Intellectual Property Rights

Classic Books postcard

As a writer and photographer, I’m often territorial about my words and images, so I can understand any creative person getting huffy or even litigious when their intellectual property is used without permission. If I want some pithy quotes, I use the words of a long-dead people, always crediting them, of course.

I designed a greeting card using a photograph I took of old books my mother has collected. I added some quotes from five long-dead authors and philosophers about books and then posted the card on a Print on Demand (POD) site where I have many products. The card is to be a small gift for my fellow book club members (Shhh, don’t tell them.)
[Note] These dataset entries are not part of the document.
(* Let $F$ be a field of characteristic not 2 or 3 and $E$ an étale cubic $F$-algebra. Let $v_{0,E}=(1,0,0,-1)\in V_E(F)$. Then \[\mathrm{Stab}_{M_E}(v_{0,E})=\Big\{\begin{pmatrix}\alpha&0\\0&\alpha^{-1}\end{pmatrix}:\alpha\in E^1\Big\}\rtimes\{1,w\}\cong E^1\rtimes\mathbb Z/2\mathbb Z,\qquad w=\begin{pmatrix}0&1\\1&0\end{pmatrix},\] and $\mathrm{Stab}_{\tilde M_E}(v_{0,E})=E^1\rtimes(\mathbb Z/2\mathbb Z\times S_E)$. As subgroups of $GL_2(E)^0\rtimes S_E(F)$ (under the fixed isomorphism $M_E(F)\cong GL_2(E)^0$), this stabilizer equals the group of $F$-automorphisms $\mathrm{Aut}_F(E,C_E,Q,\beta)$ of the twisted composition algebra $C_E=E\oplus E$, $Q(x,y)=xy$, $\beta(x,y)=(y^\#,x^\#)$.
   Context: $E^1=\{\alpha\in E:N_E(\alpha)=1\}$; $x^\#$ is the adjoint with $xx^\#=N_E(x)$. $GL_2(E)^0=\{g\in GL_2(E):\det g\in F^\times\}$; $S_E(F)=\mathrm{Aut}_F(E)$. $\tilde M_E(F)=GL_2(E)^0\rtimes S_E(F)$ acts on $V_E(F)=F\oplus E\oplus E\oplus F$ (cubes $(a,e,f,b)$) as follows: $\sigma\in S_E(F)$ acts by $(a,e,f,b)\mapsto(a,\sigma e,\sigma f,b)$; $\mathrm{diag}(\alpha,\beta)$ with $\alpha\beta\in F^\times$ acts by $(a,e,f,b)\mapsto(\alpha^\#\beta^{-1}a,\alpha^\#\alpha^{-1}e,\beta^\#\beta^{-1}f,\beta^\#\alpha^{-1}b)$; $w$ acts by $(a,e,f,b)\mapsto(-b,-f,-e,-a)$; the full action is the $F$-form (via Galois descent along $E\otimes\bar F\cong\bar F^3$) of the split action of $(GL_2^3)^0$ on $F^2\otimes F^2\otimes F^2$ by $d^{-1}g_1\otimes g_2\otimes g_3$ ($d$ the common determinant), with $a,b$ the coefficients of $u_1^{\otimes3},u_2^{\otimes3}$, $e_i$ (resp. $f_i$) the coefficient of the basis vector with $u_2$ (resp. $u_1$) in the $i$-th factor and $u_1$ (resp. $u_2$) elsewhere. An $F$-automorphism of $C_E$ is a pair $(\phi,\sigma)$, $\sigma\in\mathrm{Aut}_F(E)$, $\phi$ $F$-linear bijective with $\phi(av)=\sigma(a)\phi(v)$, $\sigma\circ Q=Q\circ\phi$, $\phi\circ\beta=\beta\circ\phi$; it is viewed in $GL_2(E)\rtimes S_E(F)$ by writing $\phi$ as an $E$-linear map composed with $\sigma$ acting coordinatewise on $E^2$. *)

From HB Require Import structures.
From mathcomp Require Import all_boot all_order all_algebra all_field.
Set Implicit Arguments. Unset Strict Implicit. Unset Printing Implicit Defensive.
Import GRing.Theory.
Local Open Scope ring_scope.
(* Let $\mu$ be an infinite cardinal, $\langle\mathbb{Q}_i:i\in I\rangle$ a sequence of posets such that each $\mathbb{Q}_i=\bigcup_{\zeta<\mu}Q_{i,\zeta}$ with each $Q_{i,\zeta}$ an $\mathrm{Fr}$-linked subset of $\mathbb{Q}_i$, and let $\mathbb{P}$ be the finite support product of $\langle\mathbb{Q}_i:i\in I\rangle$. Assume (i) $|I|\leq 2^\mu$, and (ii) for every finite $u\subseteq I$ and every $s:u\to\mu$, $\prod_{i\in u}Q_{i,s(i)}$ is $\mathrm{Fr}$-linked in $\prod_{i\in u}\mathbb{Q}_i$. Then $\mathbb{P}$ is $\mu$-$\mathrm{Fr}$-linked.
   Context: For a poset $\mathbb{P}$ and $\bar p=\langle p_n:n<\omega\rangle$ in $\mathbb{P}$, $\dot W(\bar p)$ names $\{n:p_n\in\dot G\}$. $Q\subseteq\mathbb{P}$ is $\mathrm{Fr}$-linked if for every sequence $\bar p$ in $Q$ some $q\in\mathbb{P}$ forces $\dot W(\bar p)$ infinite. $\mathbb{P}$ is $\mu$-$\mathrm{Fr}$-linked if it is a union of $\mu$ many $\mathrm{Fr}$-linked subsets. *)

From Stdlib Require Import List Arith.
Set Implicit Arguments.

(* A forcing notion: a preorder (le p q = "p is stronger than q") with a top 1. *)
Unset Implicit Arguments.
Record forcing := Forcing {
  carrier :> Type;
  fle : carrier -> carrier -> Prop;
  ftop : carrier;
  fle_refl : forall p, fle p p;
  fle_trans : forall p q r, fle p q -> fle q r -> fle p r;
  fle_top : forall p, fle p ftop
}.
Arguments fle {f} _ _.
Arguments ftop f : assert.
Set Implicit Arguments.

Definition finite_sub (T : Type) (A : T -> Prop) : Prop :=
  exists l : list T, forall x, A x -> In x l.

(* q forces that W(pbar) = {n | pbar n \in G} is infinite:
   for every m, the set of conditions below some pbar n with n >= m is dense below q. *)
Definition forces_W_infinite {P : forcing} (q : P) (pbar : nat -> P) : Prop :=
  forall m (r : P), fle r q ->
    exists n (r' : P), m <= n /\ fle r' r /\ fle r' (pbar n).

Definition Fr_linked {P : forcing} (Q : P -> Prop) : Prop :=
  forall pbar : nat -> P, (forall n, Q (pbar n)) ->
    exists q : P, forces_W_infinite q pbar.

(* P is mu-Fr-linked, mu given as the cardinality of the type M *)
Definition mu_Fr_linked (M : Type) (P : forcing) : Prop :=
  exists F : M -> P -> Prop,
    (forall z, Fr_linked (F z)) /\ (forall p : P, exists z, F z p).

Section FSProd.
Variables (I : Type) (Q : I -> forcing).

Definition fsp_carrier :=
  { f : forall i, Q i | finite_sub (fun i => f i <> ftop (Q i)) }.

Definition fsp_le (f g : fsp_carrier) : Prop :=
  forall i, fle (proj1_sig f i) (proj1_sig g i).

Lemma fsp_top_fin : finite_sub (fun i => (fun i => ftop (Q i)) i <> ftop (Q i)).
Proof. exists nil; intros x H; now elim H. Qed.

Definition fsp_top : fsp_carrier := exist _ (fun i => ftop (Q i)) fsp_top_fin.

Lemma fsp_le_refl : forall p, fsp_le p p.
Proof. intros p i; apply fle_refl. Qed.

Lemma fsp_le_trans : forall p q r, fsp_le p q -> fsp_le q r -> fsp_le p r.
Proof. intros p q r H1 H2 i; eapply fle_trans; eauto. Qed.

Lemma fsp_le_top : forall p, fsp_le p fsp_top.
Proof. intros p i; apply fle_top. Qed.

Definition fs_prod : forcing :=
  @Forcing fsp_carrier fsp_le fsp_top fsp_le_refl fsp_le_trans fsp_le_top.
End FSProd.

From Stdlib Require Import List Arith Lia Classical ClassicalEpsilon FunctionalExtensionality.
From Stdlib Require Import Cantor FinFun.
From mathcomp Require boolp classical_sets.
Set Implicit Arguments.

(* Index the pieces by a bound k on the size of supports and a choice h : I -> M of pieces of
   the factors: P_{k,h} consists of the conditions whose support has at most k points, at
   each of which they lie in Q_{i, h i}.  P_{k,h} is Fr-linked: a sequence in it has a
   subsequence whose supports form a Delta-system with root r; hypothesis (ii) on r yields
   q, and a condition below q meets the supports of almost all later terms only inside r,
   so it can be amalgamated with them.  Only mu many h are needed: as |I| <= 2^mu, finitely
   many points of M separate any finite u in I, so every s : u -> M is the restriction of a
   function given by a finite table over M, and such tables are coded in M because
   mu * mu = mu, which follows from Zorn's lemma. *)

(** * Zorn's lemma and comparability of cardinals *)

Lemma zorn_nonempty_chains (T : Type) (t0 : T) (R : T -> T -> Prop) :
  (forall t, R t t) -> (forall r s t, R r s -> R s t -> R r t) ->
  (forall C : T -> Prop, (exists c, C c) -> (forall s t, C s -> C t -> R s t \/ R t s) ->
     exists u, forall s, C s -> R s u) ->
  exists t, forall s, R t s -> R s t.
Proof.
  intros Rrefl Rtrans Hchain.
  destruct (classical_sets.ZL_preorder t0 (R := fun s t => boolp.asbool (R s t))) as [t Ht].
  - intros t; apply boolp.asboolT, Rrefl.
  - intros r s t Hrs Hst; apply boolp.asboolT.
    apply (Rtrans r s t); apply boolp.asboolW; assumption.
  - intros C HC. destruct (classic (exists c, C c)) as [Hne|Hempty].
    + destruct (Hchain C Hne) as [u Hu].
      { intros s t Cs Ct. destruct (HC s t Cs Ct); [left|right]; apply boolp.asboolW; assumption. }
      exists u; intros s Cs; apply boolp.asboolT, Hu, Cs.
    + exists t0; intros s Cs; exfalso; eauto.
  - exists t; intros s Hts. apply boolp.asboolW, Ht, boolp.asboolT, Hts.
Qed.
(* Olivier's theorem: n T_n <= 2 (sum_{i<=n} T_i - sum_{i<=n/2} T_i), a Cauchy difference. *)
Lemma nonincreasing_series_INR_mult_lim0 (T : nat -> R) (s : R) :
  (forall n, 0 <= T n) -> (forall n, T (S n) <= T n) -> is_series T s ->
  is_lim_seq (fun n => INR n * T n) 0.
Proof.
  intros Hpos Hdec Hs. apply is_series_Reals in Hs. apply is_lim_seq_Reals.
  intros eps Heps. destruct (Hs (eps / 4)) as [N HN]; [lra|].
  exists (2 * N)%nat. intros n Hn.
  pose proof (Nat.div_mod_eq n 2). pose proof (Nat.mod_upper_bound n 2 ltac:(lia)).
  set (h := (n / 2)%nat) in *.
  pose proof (nonincreasing_gap_le T h (n - h) Hdec) as Hgap.
  replace (h + (n - h))%nat with n in Hgap by lia.
  assert (Hhalf : INR n <= 2 * INR (n - h)).
  { replace 2 with (INR 2) by reflexivity. rewrite <- mult_INR. apply le_INR. lia. }
  pose proof (HN n ltac:(lia)) as H1. pose proof (HN h ltac:(lia)) as H2.
  unfold R_dist in *. apply Rabs_def2 in H1, H2.
  assert (0 <= INR n * T n) by (apply Rmult_le_pos; [apply pos_INR | apply Hpos]).
  rewrite Rminus_0_r, Rabs_pos_eq by lra.
  assert (INR n * T n <= 2 * (INR (n - h) * T n)) by (specialize (Hpos n); nra).
  lra.
Qed.

(* Summation by parts; the boundary term n T_n vanishes by Olivier's theorem. *)
Lemma is_series_INR_mult_tails (g : nat -> R) (G s : R) :
  (forall n, 0 <= g n) -> is_series g G ->
  is_series (fun i => G - sum_f_R0 g i) s -> is_series (fun k => INR k * g k) s.
Proof.
  intros Hg HG Hs. set (T := fun i => G - sum_f_R0 g i) in *.
  assert (Tpos : forall i, 0 <= T i).
  { intros i. unfold T. pose proof (partial_sum_le_series g G i Hg HG). lra. }
  assert (Tdec : forall n, T (S n) <= T n).
  { intros n. unfold T. rewrite tech5. specialize (Hg (S n)). lra. }
  assert (Hparts : forall n,
    sum_f_R0 (fun k => INR k * g k) (S n) = sum_f_R0 T n - INR (S n) * T (S n)).
  { induction n as [|n IH]; unfold T in *.
    - simpl. lra.
    - rewrite tech5, IH, !tech5, !S_INR. ring. }
  apply is_series_partial_sums, is_lim_seq_incr_1.
  apply is_lim_seq_ext with (u := fun n => sum_f_R0 T n - INR (S n) * T (S n)).
  { intros n. now rewrite Hparts. }
  replace s with (s - 0) by ring.
  apply is_lim_seq_minus'.
  - now apply is_series_partial_sums.
  - apply (is_lim_seq_incr_1 (fun n => INR n * T n) 0).
    exact (nonincreasing_series_INR_mult_lim0 T s Tpos Tdec Hs).
Qed.
Lemma sum_f_R0_term_le g i n :
  (forall m, 0 <= g m) -> (i <= n)%nat -> g i <= sum_f_R0 g n.
Proof.
  intros Hg Hin; induction n as [| n IH].
  - replace i with 0%nat by lia; simpl; lra.
  - rewrite tech5; destruct (Nat.eq_dec i (S n)) as [-> |].
    + pose proof (cond_pos_sum g n Hg); lra.
    + specialize (IH ltac:(lia)); specialize (Hg (S n)); lra.
Qed.

Definition sym_sum (f : Z -> R) (n : nat) : R :=
  sum_f_R0 (fun m => f (Z.of_nat m - Z.of_nat n)%Z) (2 * n).

Lemma sym_sum_S f n :
  sym_sum f (S n) = f (- Z.of_nat (S n))%Z + sym_sum f n + f (Z.of_nat (S n)).
Proof.
  unfold sym_sum; replace (2 * S n)%nat with (S (S (2 * n))) by lia.
  rewrite tech5, decomp_sum by lia; simpl Init.Nat.pred.
  replace (Z.of_nat 0 - Z.of_nat (S n))%Z with (- Z.of_nat (S n))%Z by lia.
  replace (Z.of_nat (S (S (2 * n))) - Z.of_nat (S n))%Z with (Z.of_nat (S n)) by lia.
  rewrite (sum_eq _ (fun m => f (Z.of_nat m - Z.of_nat n)%Z)); [reflexivity |].
  intros m _; f_equal; lia.
Qed.

Lemma sym_sum_halves f n :
  sym_sum f (S n)
  = sum_f_R0 (fun m => f (- Z.of_nat m)%Z) (S n) + sum_f_R0 (fun m => f (Z.of_nat (S m))) n.
Proof.
  induction n as [| n IH]; rewrite sym_sum_S; [unfold sym_sum; simpl; ring |].
  rewrite IH, (tech5 _ (S n)), (tech5 (fun m => f (Z.of_nat (S m))) n); ring.
Qed.

Lemma summable_Z_halves f : (forall x, 0 <= f x) ->
  summable_Z f <->
  bounded_series (fun m => f (- Z.of_nat m)%Z) /\ bounded_series (fun m => f (Z.of_nat (S m))).
Proof.
  intro Hf; split.
  - intros [M HM]; split; exists M; intro n; specialize (HM (S n)).
    all: change (sym_sum f (S n) <= M) in HM; rewrite sym_sum_halves in HM.
    + pose proof (cond_pos_sum (fun m => f (Z.of_nat (S m))) n (fun m => Hf _)).
      rewrite tech5 in HM; specialize (Hf (- Z.of_nat (S n))%Z); lra.
    + pose proof (cond_pos_sum (fun m => f (- Z.of_nat m)%Z) (S n) (fun m => Hf _)); lra.
  - intros [[M HM] [N HN]]; exists (M + N); intros [| n].
    + specialize (HM 0%nat); specialize (HN 0%nat); specialize (Hf 1%Z); simpl in *; lra.
    + change (sym_sum f (S n) <= M + N).
      rewrite sym_sum_halves; specialize (HM (S n)); specialize (HN n); lra.
Qed.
A few days later, I received an email from the POD site informing me that my “design contains an image or text that infringes on intellectual
property rights. We have been contacted by the intellectual property right holder and at their request we will be removing your product from …’s Marketplace due to intellectual property claims.”

There was no clue which element might have offended, so I pressed the POD site to find out. Was it one of the publishers listed on the book spines in the photograph? I couldn’t imagine that it would be any of the people I quoted. They’d all been dead at least seventy-five years, when copyrights expire. I realize that copyright issues are much more complicated than that (after all, lawyers are involved) and some copyrights can be renewed. I’ve recently learned that even many versions of the Bible are copyrighted. The King James version, however, is in the public domain.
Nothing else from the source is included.